In July 2009 the Labor government introduced ‘no show no pay’ compliance arrangements for welfare recipients.

Over the following year this resulted in over 1200 mentally ill and homeless people being denied ‘jobseeker’ payments for failing to attend, or behaving inappropriately during, some ‘required activity’. Overall, during the fourteen months to September 2010, over 35 000 unemployed people were given financial penalities for non-compliance with ‘activity tests’.

Most of these specific new welfare-pruning measures were contained in the programme of action provided for the incoming government in September 2010 by Treasury and Finance departments.

More broadly, cuts to welfare expenditure were always entailed by the ‘sound finance’ policies (i.e. swift return to budget surplus) advocated by all parliamentary parties, without exception, before last year’s Federal election.

Jenny Macklin, minister for Community Services, Housing, Families and Indigenous Affairs, declared that the government ‘will continue to reform the social security system to remove those roadblocks in the system which stop people from participating in the workforce.’

The twin aims are to cut public spending and create more slack in the labour market. These concerns stand behind the constant urging by the business press, ever since the last election, for the Labor minority government to undertake ‘unpopular reforms’ to increase productivity and workforce participation.

Recent opinion polls show that the Labor government is widely loathed. Further hardship is sure to produce more discontent. But the latter can be safely met with the orchestration of public mood music.

Many supposedly peripheral or ‘oppositional’ groups play a part in the ensemble. Had Tony Abbott’s Liberal-National Coalition been elected last August, the same swingeing welfare cuts would of course have been implemented. But, by now, these would have prompted pro-forma complaints from certain quarters about the conservatives’ “razor gang”.

Election of the Labor government has ensured cooperation from the public-sector trade-union bureaucracy, the Greens, the welfare and ‘community sector’ lobby, various activist groups and the ‘socialist’ organisations that presented the Gillard-led ALP as a lesser evil to Tony Abbott.

Even the conservative parties themselves, and their backers in the Murdoch press, play an essential part part in the crafting of Labor’s image as the ‘human face’ of fiscal consolidation.

Once the budget is announced in May, the Greens, and perhaps elements of the liberal Fairfax press, will venture to criticize some of the spending cuts as ill-directed and excessive. But both of these parties accept the phoney principles of sound public finance that impel the cuts (and beneath which, of course, sits the central policy priority of inflation management).

The Greens, as coalition partners of Labor’s Lara Giddings, are already helping to impose the Tasmanian government’s austerity drive.

In a multisectoral economy (made up of government, firms, households, and an external sector), one party’s thrift is another party’s borrowing. The Australian public debt thus constitutes an asset for the rentier class (local and international pension, mutual and insurance funds, and corporations that hold government debt as low-risk parts of their balance sheet).

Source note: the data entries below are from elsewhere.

(* There is no morphism $\pi:\mathbb{P}^1_{\mathbb{C}}\to\mathbb{P}^1_{\mathbb{C}}$ of degree $6$ for which there exist three distinct points $p,q,r\in\mathbb{P}^1$ such that $\pi$ has ramification index $(3,3)$ at $p$, ramification index $(2,2,2)$ at $q$, and ramification index $(3,2,1)$ at $r$.
   Context: A morphism $\pi:\mathbb{P}^1\to\mathbb{P}^1$ is said to have ramification index $(n_1,\dots,n_k)$ at a point $x_0$ if $\pi^{-1}(x_0)$ consists of exactly $k$ points at which $\pi$ has local multiplicities $n_1,\dots,n_k$ (so $n_1+\dots+n_k=\deg\pi$). *)

From HB Require Import structures.
From mathcomp Require Import all_boot all_order all_algebra.
From mathcomp Require Import complex.
From mathcomp Require Import Rstruct.
Import ComplexField.
From Stdlib Require Rdefinitions.
Set Implicit Arguments. Unset Strict Implicit. Unset Printing Implicit Defensive.
Import Order.TTheory GRing.Theory Num.Theory.
Local Open Scope ring_scope.

Notation CC := (complex Rdefinitions.R).

(* A point of P^1(C): Some z is the affine point z, None is the point at infinity. *)
Definition P1 := option CC.

(* A morphism P^1 -> P^1 of degree d is given (up to a common nonzero scalar)
   by a pair of coprime polynomials (P, Q) with max(deg P, deg Q) = d; it is the
   map [x0 : x1] |-> [F(x0,x1) : G(x0,x1)] with F, G the degree-d
   homogenisations of P, Q, i.e. affinely z |-> P(z)/Q(z). *)
Definition is_morphism_of_degree (P Q : {poly CC}) (d : nat) : Prop :=
  coprimep P Q /\ maxn (size P) (size Q) = d.+1.

(* The (dehomogenised) equation of the fibre over the target point w:
   for w = a : b*P - a*Q with (a:b) = (a:1), i.e. P - a Q; for w = infinity : Q. *)
Definition fibre_poly (P Q : {poly CC}) (w : P1) : {poly CC} :=
  match w with
  | Some a => P - a%:P * Q
  | None => Q
  end.

(* Local multiplicity of the morphism (P,Q) of degree d at the source point x,
   counted in the fibre over w (it is 0 iff x is not in the fibre over w):
   the order of vanishing at x of the degree-d binary form b F - a G. *)
Definition local_mult (P Q : {poly CC}) (d : nat) (w x : P1) : nat :=
  match x with
  | Some z => mup z (fibre_poly P Q w)
  | None => subn d (size (fibre_poly P Q w)).-1
  end.

Definition has_ramification (P Q : {poly CC}) (d : nat) (w : P1) (ns : seq nat) : Prop :=
  exists xs : seq P1,
    [/\ uniq xs,
        (forall x : P1, x \in xs <-> (0 < local_mult P Q d w x)%N) &
        perm_eq [seq local_mult P Q d w x | x <- xs] ns].

(* The fibres over p, q and r are cut out by binary sextics
     F_p = c_p (l_x1 l_x2)^3,  F_q = c_q (l_y1 l_y2 l_y3)^2,  F_r = c_r l_z1^3 l_z2^2 l_z3,
   where l_x is the linear form vanishing at x.  Any three fibres lie in a pencil,
   F_r = al F_p + be F_q with al <> 0, and distinct fibres are disjoint.  In the
   coordinate s placing x1, x2, z1 at 0, infinity, 1 the pencil relation reads
     C (s - 1)^3 (s - z)^2 (s - w) = A s^3 + B T(s)^2   with T a cubic,
   and comparing the seven coefficients (after the shift s = 1 + u) forces z = 0,
   i.e. z2 = x1: the point z2 would lie in the fibres over both r and p. *)

From mathcomp Require Import all_boot all_order all_algebra.
From mathcomp Require Import complex Rstruct.
From mathcomp Require Import ring.
Import ComplexField.
Import GRing.Theory Num.Theory.
Set Implicit Arguments.
Unset Strict Implicit.
Unset Printing Implicit Defensive.
Local Open Scope ring_scope.

Lemma perm_map_lift (T1 T2 : eqType) (f : T1 -> T2) (s : seq T1) (t : seq T2) :
  perm_eq (map f s) t -> exists2 s', perm_eq s s' & map f s' = t.
Proof.
elim: t s => [|a t IHt] s hst.
  by exists s => //; apply/nilP; rewrite /nilp (perm_size hst).
have : a \in map f s by rewrite (perm_mem hst) mem_head.
case/mapP => x xs eax; subst a.
have [s' hs' <-] : exists2 s', perm_eq (rem x s) s' & map f s' = t.
  apply: IHt; rewrite -(perm_cons (f x)) -map_cons (perm_trans _ hst) //.
  by rewrite perm_map // perm_sym perm_to_rem.
by exists (x :: s'); rewrite // (perm_trans (perm_to_rem xs)) // perm_cons.
Qed.

Lemma size_le_of_coef_eq0 (R : nzSemiRingType) (u : {poly R}) n :
  (size u <= n.+1)%N -> u`_n = 0 -> (size u <= n)%N.
Proof.
move=> hu hun; apply/leq_sizeP => j; rewrite leq_eqVlt => /orP[/eqP <- //|hj].
exact: (leq_sizeP _ _ hu).
Qed.

Section CharacteristicZero.
Variable R : numFieldType.

Lemma poly_fun_eq0 (p : {poly R}) : (forall u, p.[u] = 0) -> p = 0.
Proof.
move=> hp; apply: (@roots_geq_poly_eq0 _ _ [seq i%:R | i <- iota 0 (size p)]).
- by apply/allP => x _; apply/eqP/hp.
- by rewrite map_inj_uniq ?iota_uniq //; apply: mulrIn; rewrite oner_eq0.
- by rewrite size_map size_iota.
Qed.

For the Australian government to start saving, therefore, it must either eliminate its obligations to this rentier class through taxation, our induce another sector to start borrowing, i.e. to offload debt elsewhere.

Of course, the second option is the only option. Government borrowing is to be shifted on to the private sector. But, as the RBA observed today, non-financial firms currently show little propensity to borrow for investment. This leaves only one remaining branch: households.

The aim of the public-sector layoffs, foreshadowed for the May budget, is to increase indebtedness of the household sector. Newly-unemployed workers, and those no longer receiving welfare payments, will be forced to run down their savings to survive. The unemployed will no longer make contributions to their superannuation funds, reducing savings and thereby limiting holdings of government debt.

Of course, households have limited creditworthiness, are already heavily indebted, and are in the process of reducing borrowing and paying off liabilities (“deleveraging”). Rather than taking on more debt, the household sector will reduces its consumption.

Financial deficit will be shifted on to the company sector. Commercial enterprises themeselves have liqudity constraints, and will respond with wage cuts and layoffs.

In short, Australian government policy is a deliberate recipe for misery and recession of the sort now affecting Britain.

I married Mises; or, Adverse selection

March 10, 2011

In New York magazine, married couple Joseph Stiglitz and Anya Schiffrin talk about reading the book Spousonomics

Joseph Stiglitz: One of the things I disliked was that there was a lot of scorekeeping in the book.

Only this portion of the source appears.